Data extracted from a collection
Lemma poly_le_continuous d f : poly_le d f -> forall x, continuous f x.
Proof.
  induction 1 as [c|d f _ IH|d f _ IH|d f g _ IHf _ IHg|d c f _ IH|d f g _ IH Hext];
    intros x.
  - apply continuous_const.
  - apply IH.
  - apply (continuous_mult (fun y => y) f); [apply continuous_id|apply IH].
  - apply (continuous_plus f g); auto.
  - apply (continuous_mult (fun _ => c) f); [apply continuous_const|apply IH].
  - eapply continuous_ext; eauto.
Qed.

Lemma chebU_SS n y : chebU (S (S n)) y = 2 * y * chebU (S n) y - chebU n y.
Proof. reflexivity. Qed.

Lemma chebU_poly_le n : poly_le n (chebU n).
Proof.
  enough (H : poly_le n (chebU n) /\ poly_le (S n) (chebU (S n))) by apply H.
  induction n as [|n [IH1 IH2]]; split; auto.
  - apply (poly_le_const 1).
  - eapply poly_le_ext; [apply poly_le_mulX, (poly_le_const 2)|]; intros y; simpl; ring.
  - eapply poly_le_ext.
    + apply poly_le_add; [apply poly_le_mulX, (poly_le_scal _ 2), IH2|].
      apply (poly_le_scal _ (-1)), poly_le_S, poly_le_S, IH1.
    + intros y; rewrite chebU_SS; ring.
Qed.

Lemma chebU_cos_mul_sin n t : chebU n (cos t) * sin t = sin (INR (S n) * t).
Proof.
  enough (H : chebU n (cos t) * sin t = sin (INR (S n) * t)
              /\ chebU (S n) (cos t) * sin t = sin (INR (S (S n)) * t)) by apply H.
  induction n as [|n [IH1 IH2]]; split; auto.
  - simpl; rewrite Rmult_1_l, Rmult_1_l; reflexivity.
  - simpl; replace ((1 + 1) * t) with (t + t) by ring; rewrite sin_plus; ring.
  - rewrite chebU_SS.
    replace (INR (S (S (S n))) * t) with (INR (S (S n)) * t + t) by (rewrite !S_INR; ring).
    replace (INR (S n) * t) with (INR (S (S n)) * t - t) in IH1 by (rewrite !S_INR; ring).
    rewrite sin_plus; rewrite sin_minus in IH1.
    transitivity (2 * cos t * (chebU (S n) (cos t) * sin t) - chebU n (cos t) * sin t);
      [ring|].
    rewrite IH1, IH2; ring.
Qed.

Lemma is_RInt_cos_Zmul (z : Z) (n : nat) :
  z <> 0%Z -> is_RInt (fun t => cos (IZR z * t)) 0 (INR n * PI) 0.
Proof.
  intros Hz; assert (Hz' : IZR z <> 0) by now apply not_0_IZR.
  assert (Hv : sin (IZR z * (INR n * PI)) / IZR z - sin (IZR z * 0) / IZR z = 0).
  { rewrite Rmult_0_r, sin_0, sin_eq_0_1; [field; exact Hz'|].
    exists (z * Z.of_nat n)%Z; rewrite mult_IZR, <- INR_IZR_INZ; ring. }
  rewrite <- Hv at 2.
  apply (is_RInt_derive (fun t => sin (IZR z * t) / IZR z)).
  - intros x _; auto_derive; [easy|field; exact Hz'].
  - intros x _.
    apply (ex_derive_continuous (K := R_AbsRing) (V := R_NormedModule)); auto_derive; easy.
Qed.

Lemma is_RInt_cos_Zmul_2PI (z : Z) :
  is_RInt (fun t => cos (IZR z * t)) 0 (2 * PI) (if Z.eqb z 0 then 2 * PI else 0).
Proof.
  destruct (Z.eqb_spec z 0) as [->|Hz].
  - apply (is_RInt_ext (fun _ => 1)).
    + intros t _; rewrite Rmult_0_l, cos_0; reflexivity.
    + replace (2 * PI) with (scal (2 * PI - 0) 1) at 2 by (compute; ring).
      apply (is_RInt_const (V := R_NormedModule)).
  - replace (2 * PI) with (INR 2 * PI) by (simpl; ring).
    now apply is_RInt_cos_Zmul.
Qed.

Definition chebW (y : R) : R := sqrt (1 - y ^ 2).

Lemma chebW_continuous x : continuous chebW x.
Proof.
  apply continuous_sqrt_comp.
  apply (ex_derive_continuous (K := R_AbsRing) (V := R_NormedModule) (fun y => 1 - y ^ 2)).
  auto_derive; easy.
Qed.

Lemma chebU_chebW_cos m t : 0 <= t <= PI ->
  - sin t * (chebU m (cos t) * chebW (cos t))
  = / 2 * (cos (IZR (Z.of_nat m + 2) * t) + -1 * cos (IZR (Z.of_nat m) * t)).
Proof.
  intros Ht; unfold chebW.
  replace (1 - cos t ^ 2) with (sin t ^ 2) by (rewrite <- (sin2_cos2 t); unfold Rsqr; ring).
  rewrite sqrt_pow2 by (apply sin_ge_0; lra).
  transitivity (- (chebU m (cos t) * sin t) * sin t); [ring|].
  rewrite chebU_cos_mul_sin.
  replace (IZR (Z.of_nat m + 2) * t) with (INR (S m) * t + t)
    by (rewrite plus_IZR, <- INR_IZR_INZ, S_INR; ring).
  replace (IZR (Z.of_nat m) * t) with (INR (S m) * t - t)
    by (rewrite <- INR_IZR_INZ, S_INR; ring).
  rewrite cos_plus, cos_minus; field.
Qed.

Lemma is_RInt_chebU_chebW m : (0 < m)%nat -> is_RInt (fun y => chebU m y * chebW y) (-1) 1 0.
Proof.
  intros Hm; set (w := fun y => chebU m y * chebW y).
  assert (Hw : forall x, continuous w x).
  { intros x; apply (continuous_mult (chebU m) chebW);
      [apply (poly_le_continuous _ _ (chebU_poly_le m))|apply chebW_continuous]. }
  assert (Hsubst : is_RInt (fun t => scal (- sin t) (w (cos t))) 0 PI (RInt w 1 (-1))).
  { rewrite <- cos_0, <- cos_PI.
    apply (is_RInt_comp (V := R_CompleteNormedModule)); [intros; apply Hw|].
    intros x _; split; [auto_derive; [easy|ring]|].
    apply (ex_derive_continuous (K := R_AbsRing) (V := R_NormedModule) (fun x => - sin x)).
    auto_derive; easy. }
  assert (Hzero : is_RInt (fun t => scal (- sin t) (w (cos t))) 0 PI 0).
  { apply (is_RInt_ext (fun t => / 2 * (cos (IZR (Z.of_nat m + 2) * t)
                                      + -1 * cos (IZR (Z.of_nat m) * t)))).
    - intros t Ht; rewrite Rmin_left, Rmax_right in Ht by (pose proof PI_RGT_0; lra).
      symmetry; apply chebU_chebW_cos; lra.
    - assert (H : is_RInt (fun t => / 2 * (cos (IZR (Z.of_nat m + 2) * t)
                                            + -1 * cos (IZR (Z.of_nat m) * t)))
                    0 (INR 1 * PI) (/ 2 * (0 + -1 * 0))).
      { apply (is_RInt_scal (V := R_NormedModule)), (is_RInt_plus (V := R_NormedModule));
          [|apply (is_RInt_scal (V := R_NormedModule))]; apply is_RInt_cos_Zmul; lia. }
      now replace (INR 1 * PI) with PI in H by (simpl; ring);
        replace (/ 2 * (0 + -1 * 0)) with 0 in H by ring. }
  assert (Hex : ex_RInt w (-1) 1)
    by (apply (ex_RInt_continuous (V := R_CompleteNormedModule)); intros; apply Hw).
  assert (Hswap := opp_RInt_swap (V := R_CompleteNormedModule) w (-1) 1 Hex).
  assert (Hval : RInt w 1 (-1) = 0).
  { apply (is_RInt_unique (V := R_CompleteNormedModule)) in Hsubst, Hzero.
    now rewrite <- Hsubst. }
  rewrite <- Hswap in Hval.
  replace 0 with (RInt w (-1) 1) by (change (- RInt w (-1) 1 = 0) in Hval; lra).
  now apply (RInt_correct (V := R_CompleteNormedModule)).
Qed.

[TASK BRIEF] The expected answer is an exact copy of the lines above, beginning at the line with "replace (/ 2" and ending at the line with "replace 0 with", with both ends in.

[RESPONSE AREA]
        replace (/ 2 * (0 + -1 * 0)) with 0 in H by ring. }
  assert (Hex : ex_RInt w (-1) 1)
    by (apply (ex_RInt_continuous (V := R_CompleteNormedModule)); intros; apply Hw).
  assert (Hswap := opp_RInt_swap (V := R_CompleteNormedModule) w (-1) 1 Hex).
  assert (Hval : RInt w 1 (-1) = 0).
  { apply (is_RInt_unique (V := R_CompleteNormedModule)) in Hsubst, Hzero.
    now rewrite <- Hsubst. }
  rewrite <- Hswap in Hval.
  replace 0 with (RInt w (-1) 1) by (change (- RInt w (-1) 1 = 0) in Hval; lra).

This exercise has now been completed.